AI technology stocks have experienced ups and downs during the summer and into the earnings reports of the third quarter, following a period of strong growth.
After solid gains in 2023 and the first half of 2024, concerns emerged this summer about two main issues. First, cloud computing giants significantly increased their spending on data centers, leading investors to wonder whether these high expenditures would result in satisfactory returns. This initial worry then sparked a secondary concern: if the investments failed to yield results quickly, could AI be a hype-driven bubble on the verge of bursting?
Fortunately for investors, the world’s largest cloud platform, Amazon (NASDAQ: AMZN), reported strong earnings last Thursday, bringing reassurance to AI stakeholders, particularly those anxious about the near-term performance of AI chip leader Nvidia (NASDAQ: NVDA).
AWS Shows Impressive Growth
Some investors had expressed doubt about Amazon Web Services (AWS) over the past few years due to slowed growth in 2022 and 2023. However, AI appears to be revitalizing AWS’s growth potential.

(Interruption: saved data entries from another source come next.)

Section Extremal.
Variables (n : nat) (F : {set {set 'I_n}}).

Lemma overlap_at_le_card f z : overlap_at F f z <= #|F|.
Proof. by apply/subset_leq_card/subsetP => s; rewrite inE => /andP[]. Qed.

Lemma sOv_spec f :
  (exists z, sOv F f = overlap_at F f z) /\
  forall z, overlap_at F f z <= sOv F f.
Proof.
have [||attained maximal] :=
  @nat_maxP (fun k => exists z, k = overlap_at F f z) (overlap_at F f R0) #|F|.
- by exists R0.
- by move=> _ [z ->]; apply: overlap_at_le_card.
by split=> // z; apply: maximal; exists z.
Qed.

Lemma sTO1_spec :
  (exists2 f, continuous (from_subspace (realisation F) f)
            & sTO1 F = sOv F f) /\
  forall f, continuous (from_subspace (realisation F) f) -> sTO1 F <= sOv F f.
Proof.
have [|[f [cf E]] minimal] := @nat_minP (fun k => exists f : 'rV[R]_n -> R,
    continuous (from_subspace (realisation F) f) /\ k = sOv F f)
  (sOv F (fun=> R0)).
  by exists (fun=> R0); split=> //; apply: cst_continuous.
split=> [|g cg]; first by exists f.
by apply: minimal; exists g.
Qed.

Lemma sTO1_le_exp : sTO1 F <= 2 ^ n.
Proof.
have [[f _ ->] _] := sTO1_spec; have [[z ->] _] := sOv_spec f.
apply: leq_trans (overlap_at_le_card f z) (leq_trans (max_card _) _).
by rewrite -cardsT -powersetT card_powerset cardsT card_ord.
Qed.

End Extremal.

Section Cutwidth.
Variables (m : nat) (e : rel 'I_m).

Definition cut_set (p : {perm 'I_m}) (j : nat) : {set 'I_m * 'I_m} :=
  [set vw | e vw.1 vw.2 && (p vw.1 < j <= p vw.2)].

Lemma cut_sizeE p (j : 'I_m) : cut_size e p j = #|cut_set p j|.
Proof. by []. Qed.

Lemma card_cut_set_le p j : #|cut_set p j| <= \max_(i < m) cut_size e p i.
Proof.
have [jm | mj] := ltnP j m.
  by rewrite -[j]/(nat_of_ord (Ordinal jm)) -cut_sizeE leq_bigmax.
suff -> : cut_set p j = set0 by rewrite cards0.
apply/setP => vw; rewrite !inE; apply/negbTE/negP => /and3P[_ _ jw].
by have := leq_trans mj jw; rewrite leqNgt ltn_ord.
Qed.

Lemma cutwidth_spec :
  (exists p, cutwidth e = \max_(j < m) cut_size e p j) /\
  forall p, cutwidth e <= \max_(j < m) cut_size e p j.
Proof.
have [[p E] minimal] := @nat_minP
  (fun k => exists p : {perm 'I_m}, k = \max_(j < m) cut_size e p j)
  (\max_(j < m) cut_size e 1%g j) (ex_intro _ 1%g erefl).
split=> [|q]; first by exists p.
by apply: minimal; exists q.
Qed.

Lemma cutwidth_le_sq : cutwidth e <= m * m.
Proof.
apply: leq_trans (cutwidth_spec.2 1%g) _; apply/bigmax_leqP => j _.
by apply: leq_trans (max_card _) _; rewrite card_prod card_ord.
Qed.

End Cutwidth.

Section Embedded.
Variables (S : countType) (Xs : {fset S} -> Prop).

Lemma sTO1_X_spec r :
  (forall B, (forall n (F : {set {set 'I_n}}), n <= r -> fin_complex F ->
      complex_embeds F Xs -> sTO1 F <= B) -> sTO1_X Xs r <= B) /\
  forall n (F : {set {set 'I_n}}), n <= r -> fin_complex F ->
    complex_embeds F Xs -> sTO1 F <= sTO1_X Xs r.
Proof.
rewrite /sTO1_X.
have [||[n [F [nr [cF [eF ->]]]]] maximal] :=
  @nat_maxP (fun k => exists n (F : {set {set 'I_n}}),
    n <= r /\ fin_complex F /\ complex_embeds F Xs /\ k = sTO1 F)
  (sTO1 (set0 : {set {set 'I_0}})) (2 ^ r).
- exists 0, set0; split=> //; split; last split=> //.
    by split=> [[i]|A B]; rewrite ?ltn0 ?inE.
  by exists (ffun0 (card_ord 0)); split=> [[i]|s]; rewrite ?ltn0 ?inE.
- move=> _ [n [F [nr [_ [_ ->]]]]].
  by apply: leq_trans (sTO1_le_exp F) _; rewrite leq_pexp2l.
split=> [B ub | n' F' n'r cF' eF']; first exact: ub.
by apply: maximal; exists n', F'.
Qed.

Lemma cw_X_spec r :
  (exists m (e : rel 'I_m), [/\ m <= r, simple_graph e,
     graph_embeds_skel e Xs & cw_X Xs r = cutwidth e]) /\
  forall m (e : rel 'I_m), m <= r -> simple_graph e ->
    graph_embeds_skel e Xs -> cutwidth e <= cw_X Xs r.
Proof.
rewrite /cw_X.
have [||[m [e [mr [se [ee E]]]]] maximal] :=
  @nat_maxP (fun k => exists m (e : rel 'I_m),
    m <= r /\ simple_graph e /\ graph_embeds_skel e Xs /\ k = cutwidth e)
  (cutwidth (fun _ _ : 'I_0 => false)) (r * r).
- exists 0, (fun _ _ => false); do !split=> //.
  by exists (ffun0 (card_ord 0)); split=> [[i]|]; rewrite ?ltn0.
- move=> _ [m [e [mr [_ [_ ->]]]]].
  by apply: leq_trans (cutwidth_le_sq e) _; rewrite leq_mul.
split=> [|m' e' m'r se' ee']; first by exists m, e.
by apply: maximal; exists m', e'.
Qed.

Lemma cw_X_nondecreasing : {homo cw_X Xs : r r' / r <= r'}.
Proof.
move=> r r' le_rr'; have [[m [e [mr se ee ->]]] _] := cw_X_spec r.
exact: (cw_X_spec r').2 _ _ (leq_trans mr le_rr') se ee.
Qed.

Hypothesis complexXs : is_complex Xs.

Lemma is_complex_imfset (T : finType) (phi : T -> S) (sigma : {set T}) A :
  Xs A -> (forall i, i \in sigma -> phi i \in A) ->
  Xs [fset phi i | i in enum sigma]%fset.
Proof.
move=> XA phi_A; apply: complexXs.2 XA _.
by apply/fsubsetP => x /imfsetP[i /= + ->]; rewrite mem_enum; apply: phi_A.
Qed.

Lemma embedded_edge n (F : {set {set 'I_n}}) (phi : 'I_n -> S) u t :
  (forall sigma, sigma \in F -> Xs [fset phi i | i in enum sigma]%fset) ->
  [set u; t] \in F -> Xs [fset phi u; phi t]%fset.
Proof.
move=> phi_F Fut; apply: complexXs.2 (phi_F _ Fut) _.
by apply/fsubsetP => x /fset2P[]->; apply/imfsetP;
  [exists u | exists t]; rewrite //= mem_enum ?set21 ?set22.
Qed.

End Embedded.

Section EdgePaths.
Local Open Scope ring_scope.
Variables (n : nat) (F : {set {set 'I_n}}).
Hypothesis complexF : fin_complex F.

Definition edge_path (v w : 'I_n) (t : R) : 'rV[R]_n :=
  delta_mx ord0 v + t *: (delta_mx ord0 w - delta_mx ord0 v).

Lemma edge_path_coord v w t k :
  edge_path v w t ord0 k = (1 - t) * (k == v)%:R + t * (k == w)%:R.
Proof. by rewrite !mxE !eqxx /= mulrBl mulrBr mul1r addrA addrAC. Qed.

Lemma edge_path0 v w : edge_path v w 0 = delta_mx ord0 v.
Proof. by rewrite /edge_path scale0r addr0. Qed.

Lemma edge_path1 v w : edge_path v w 1 = delta_mx ord0 w.
Proof. by rewrite /edge_path scale1r addrC subrK. Qed.

Lemma edge_path_continuous v w : continuous (edge_path v w).
Proof.
move=> t; apply: cvgD; first exact: cvg_cst.
by apply: cvgZr_tmp; exact: cvg_id.
Qed.

Lemma edge_path_closed_simplex v w t : [set v; w] \in F -> 0 <= t <= 1 ->
  closed_simplex F [set v; w] (edge_path v w t).
Proof.
move=> Fvw /andP[t_ge0 t_le1].
have supp_sub : supp (edge_path v w t) \subset [set v; w].
  apply/subsetP => k; rewrite !inE edge_path_coord.
  by case: (k == v); case: (k == w); rewrite ?mulr0 ?addr0 ?eqxx.
have sum_indicator u : \sum_(k < n) ((k == u)%:R : R) = 1.
  by rewrite (bigD1 u) //= eqxx big1 ?addr0 // => k /negbTE->.
split=> //; split; [|split].
- move=> k; rewrite edge_path_coord.
  by rewrite addr_ge0 // mulr_ge0 ?subr_ge0.
- under eq_bigr do rewrite edge_path_coord.
  by rewrite big_split /= -!mulr_sumr !sum_indicator !mulr1 subrK.
- exact: complexF.2 Fvw supp_sub.
Qed.

Lemma edge_path_attains (f : 'rV[R]_n -> R) v w z :
  continuous (from_subspace (realisation F) f) -> [set v; w] \in F ->
  f (delta_mx ord0 v) <= z <= f (delta_mx ord0 w) ->
  exists x, closed_simplex F [set v; w] x /\ f x = z.
Proof.
move=> cf Fvw /andP[fv_z z_fw].
have cfe : continuous (from_subspace `[0, 1]%classic (f \o edge_path v w)).
  apply: continuous_comp_within cf; first exact: edge_path_continuous.
  move=> t /=; rewrite in_itv /= => t01.
  by case: (edge_path_closed_simplex Fvw t01).
have [|t] := IVT ler01 cfe (v := z).
  by rewrite /= edge_path0 edge_path1 ge_min fv_z le_max z_fw orbT.
rewrite in_itv /= => t01 <-; exists (edge_path v w t).
by split=> //; apply: edge_path_closed_simplex.
Qed.

Lemma cut_size_le_overlap_at (e : rel 'I_n) (f : 'rV[R]_n -> R)
    (p : {perm 'I_n}) j :
  continuous (from_subspace (realisation F) f) ->
  (forall v w, e v w -> [set v; w] \in F) ->
  (forall u v, (p u < p v)%N -> f (delta_mx ord0 u) <= f (delta_mx ord0 v)) ->
  (cut_size e p j <= overlap_at F f (f (delta_mx ord0 ((p^-1)%g j))))%N.
Proof.
move=> cf e_F f_sorted; set u := (p^-1)%g j.
have pu : p u = j by rewrite permKV.
have endpoints_inj :
    {in cut_set e p j &, injective (fun vw => [set vw.1; vw.2])}.
  move=> [v w] [v' w']; rewrite !inE /=.
  move=> /and3P[_ vj jw] /and3P[_ vj' jw'] E.
  have wv' : w != v' by apply: contraTneq jw => ->; rewrite -ltnNge.
  have vw' : v != w' by apply: contraTneq vj => ->; rewrite -leqNgt.
  have := set21 v w; have := set22 v w.
  by rewrite E !inE (negbTE wv') (negbTE vw') orbF => /eqP-> /eqP->.
rewrite cut_sizeE -(card_in_imset endpoints_inj).
apply/subset_leq_card/subsetP => _ /imsetP[[v w] + ->]; rewrite inE /=.
move=> /and3P[evw vj jw]; rewrite inE e_F //=.
apply/andP; split; first by apply/card_gt0P; exists v; rewrite set21.
apply/asboolP; apply: edge_path_attains; rewrite ?e_F //.
apply/andP; split; first by apply: f_sorted; rewrite pu.
have [->//|wu] := eqVneq w u.
apply: f_sorted; rewrite pu ltn_neqAle jw andbT.
by apply: contraNneq wu => /ord_inj jE; rewrite /u jE permK.
Qed.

In the third quarter, AWS revenue jumped 19%, up from 12% growth the previous year, demonstrating resilience despite the size of its existing market. Not only was revenue growth strong, but operating margins in cloud computing improved from 30.3% last year to 38.1%, with AWS’s operating income surging an impressive 50%. While AWS’s operating margins can fluctuate, the overall trend remains encouraging. On a trailing twelve-month basis, AWS’s operating margins climbed nearly 10 percentage points from 25.8% to 35.3%. This significant increase reflects profitable growth for Amazon, all attributable to AI advancements.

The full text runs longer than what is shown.